Mike Yearwood
Toronto, Ontario, Canada
Information générale
Catégorie:
Codage, syntaxe et commandes
Versions des environnements
Network:
Windows 2000 Server
>>Naomi,
>>
>>>I think it's very hard to achieve what you're trying to achieve and probably not worth the effort. Your Order number should be a unique key and user should not even see it. If the later is the case, then it doesn't matter if some numbers are skipped.
>>
>>Sorry, but I must disagree with you on this one. Many systems use a "meaningful" Order # for printing on the sales order / invoice and for lookups by the number that the customer sees.
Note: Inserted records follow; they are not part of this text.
Lemma old_edges_incident (X : {set {set W}}) x :
  old_edges (X :&: incident adj' (inl x)) :&: incident adj x =
  old_edges X :&: incident adj x.
Proof.
apply/setP => e; rewrite !in_setI !mem_old_edges in_setI !mem_incident.
case: (boolP (e \in edgeset adj)) => //= eE; case: (boolP (e != uv)) => //= e_neq_uv.
rewrite lift_edge_subdiv // mem_imset; last exact: inl_inj.
by rewrite /= -andbA andbb.
Qed.

Lemma old_edges_setD1_lift (X : {set {set W}}) (g : {set V}) :
  old_edges (X :\ lift @: g) = old_edges X :\ g.
Proof.
apply/setP => e; rewrite in_setD1 !mem_old_edges in_setD1.
rewrite (inj_eq (imset_inj (@inl_inj _ _))).
by case: (e != g); rewrite ?andbF ?andbT.
Qed.

Lemma lift_eq_path_edge (e : {set V}) j : (j <= n)%N -> lift @: e = path_edge j -> e = uv.
Proof.
move=> le_jn e_path.
have index0 w : w \in path_edge j -> path_index w = 0%N.
  by rewrite -e_path => /imsetP[x _ ->].
have /index0 : path_vertex j \in path_edge j by rewrite !inE eqxx.
have /index0 : path_vertex j.+1 \in path_edge j by rewrite !inE eqxx orbT.
rewrite !path_index_vertex le_jn; case: ifP => // /negbT; rewrite -ltnNge ltnS => le_nj _ j0.
apply: (imset_inj (@inl_inj V 'I_n)).
by rewrite e_path imsetU1 imset_set1 /path_edge j0 path_vertexS_ge // -j0.
Qed.

Lemma old_edges_setD1_path (X : {set {set W}}) j : (j <= n)%N ->
  old_edges (X :\ path_edge j) = old_edges X.
Proof.
move=> le_jn; apply/setP => e; rewrite !mem_old_edges in_setD1.
case: (boolP (e != uv)) => e_neq_uv; rewrite ?andbF //=.
by case: eqP => // /(lift_eq_path_edge le_jn) e_uv; rewrite e_uv eqxx in e_neq_uv.
Qed.

Lemma inner_vertex_pair_edge (i : 'I_n) : inr i \in path_edge (pair_index i).
Proof.
by rewrite /pair_index /path_edge; case: (odd i); rewrite !inE path_vertex_ord eqxx ?orbT.
Qed.

Lemma uv_zero_value a : zero_value adj f a uv.
Proof.
have [|a_notin] := boolP (a \in uv); last exact: zero_value_nonincident.
by rewrite !inE => /orP[]/eqP->.
Qed.

Lemma subdiv_valuation_pair j w X : odd j -> (j < n)%N -> w \in path_edge j ->
  f' w X = (path_edge j \in X)%:R.
Proof.
case: j => [|j] //= /negbTE odd_j lt_j1n; have lt_jn := ltnW lt_j1n.
rewrite !inE (path_vertexS_lt lt_jn) (path_vertexS_lt lt_j1n).
by case/orP => /eqP-> /=; rewrite /pair_index /= ?odd_j.
Qed.

Lemma subdiv_valuation_graphical : graphical_instance adj' f'.
Proof.
case=> [x|i] /=.
  have [f_ge0 [f_mono f_local]] := graphical_f x.
  do ![split] => [X _ | A B sAB _ | X _] /=.
  - exact/f_ge0/old_edges_sub.
  - exact/f_mono/old_edges_sub/old_edgesS.
  - by rewrite f_local ?old_edges_sub // -old_edges_incident -f_local ?old_edges_sub.
do ![split] => [X _ | A B /subsetP sAB _ | X /subsetP sXE] /=; first exact: ler0n.
  by rewrite ler_nat; case: (_ \in A) (@sAB (path_edge (pair_index i))) => // ->.
rewrite in_setI mem_incident inner_vertex_pair_edge andbT.
by case: (boolP (_ \in X)) => // /sXE ->.
Qed.

Section SubdivOrientation.
Variable head : {set W} -> W.
Hypothesis efx_head : EFX_orientation adj' f' head.

Lemma head_path_edge j : (j <= n)%N ->
  head (path_edge j) = path_vertex j \/ head (path_edge j) = path_vertex j.+1.
Proof.
move=> le_jn; have := efx_head.1 _ (path_edge_edge le_jn).
by rewrite !inE => /orP[]/eqP; [left | right].
Qed.

(* For odd j both ends of p_j p_(j+1) value exactly that edge, and only one of them gets it. *)
Lemma pair_edge_alone j g : odd j -> (j < n)%N ->
  g \in bundle adj' head (head (path_edge j)) -> g = path_edge j.
Proof.
move=> odd_j lt_jn gB.
have single q : q \in path_edge j -> head (path_edge j) != q -> g = path_edge j.
  move=> q_j hq; apply: (EFX_single_minded efx_head _ _ hq gB).
    by move=> X; apply: subdiv_valuation_pair.
  exact/path_edge_edge/ltnW.
have ends_neq : path_vertex j != path_vertex j.+1.
  by apply/eqP => /(congr1 path_index); rewrite !path_index_vertex (ltnW lt_jn) lt_jn; lia.
have [hj|hj1] := head_path_edge (ltnW lt_jn).
  by apply: (single (path_vertex j.+1)); rewrite ?hj // !inE eqxx orbT.
by apply: (single (path_vertex j)); rewrite ?hj1 1?eq_sym // !inE eqxx.
Qed.

Lemma path_orient_forward j : (0 < j)%N -> (j <= n)%N ->
  head (path_edge j.-1) = path_vertex j -> head (path_edge j) = path_vertex j.+1.
Proof.
move=> j_gt0 le_jn h_pred; have [h_j|//] := head_path_edge le_jn.
have pred_in : path_edge j.-1 \in bundle adj' head (path_vertex j).
  by rewrite mem_bundle path_edge_edge ?h_pred ?eqxx //; lia.
have j_in : path_edge j \in bundle adj' head (path_vertex j).
  by rewrite mem_bundle path_edge_edge ?h_j ?eqxx.
have := path_edge_pred_neq j_gt0 le_jn; case: (boolP (odd j)) => odd_j.
  have lt_jn : (j < n)%N.
    by rewrite ltn_neqAle le_jn andbT; apply: contraTneq odd_j => ->; rewrite odd_double.
  by rewrite (@pair_edge_alone j (path_edge j.-1)) ?eqxx ?h_j.
have odd_pj : odd j.-1 by move: odd_j; rewrite -(prednK j_gt0) /= negbK.
have lt_pj : (j.-1 < n)%N by lia.
by rewrite -(@pair_edge_alone j.-1 (path_edge j)) ?eqxx ?h_pred // prednK.
Qed.

Lemma path_orient_end :
  head (path_edge 0) = path_vertex 0 \/ head (path_edge n) = path_vertex n.+1.
Proof.
have [|h0] := head_path_edge (leq0n n); [by left | right].
suff forward j : (j <= n)%N -> head (path_edge j) = path_vertex j.+1 by apply: forward.
by elim: j => [//| j IH] lt_jn; apply: path_orient_forward => //; apply/IH/ltnW.
Qed.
If I order something from a company, I want to have a reference number that the system's user and I as the customer know about.
>>
>>This, however, does not have to be used as the primary key, which can itself be a "meaningless" auto-assigned number that the customer never sees. You are correct that it doesn't matter if numbers are skipped in the PK, but the customer's requirement in this case seems to be that they don't want skips in the sequence of meaningful order numbers.
>
>Hi David,
>
>Yes, I think I confused the two. In any case, I don't see a simple way to satisfy customer requirements...
It's quite easy. You generate the primary key (a guid) on the client/web server, not on the database server. You have the order number as auto incrementing. You save the record, and requery it using the generated primary key.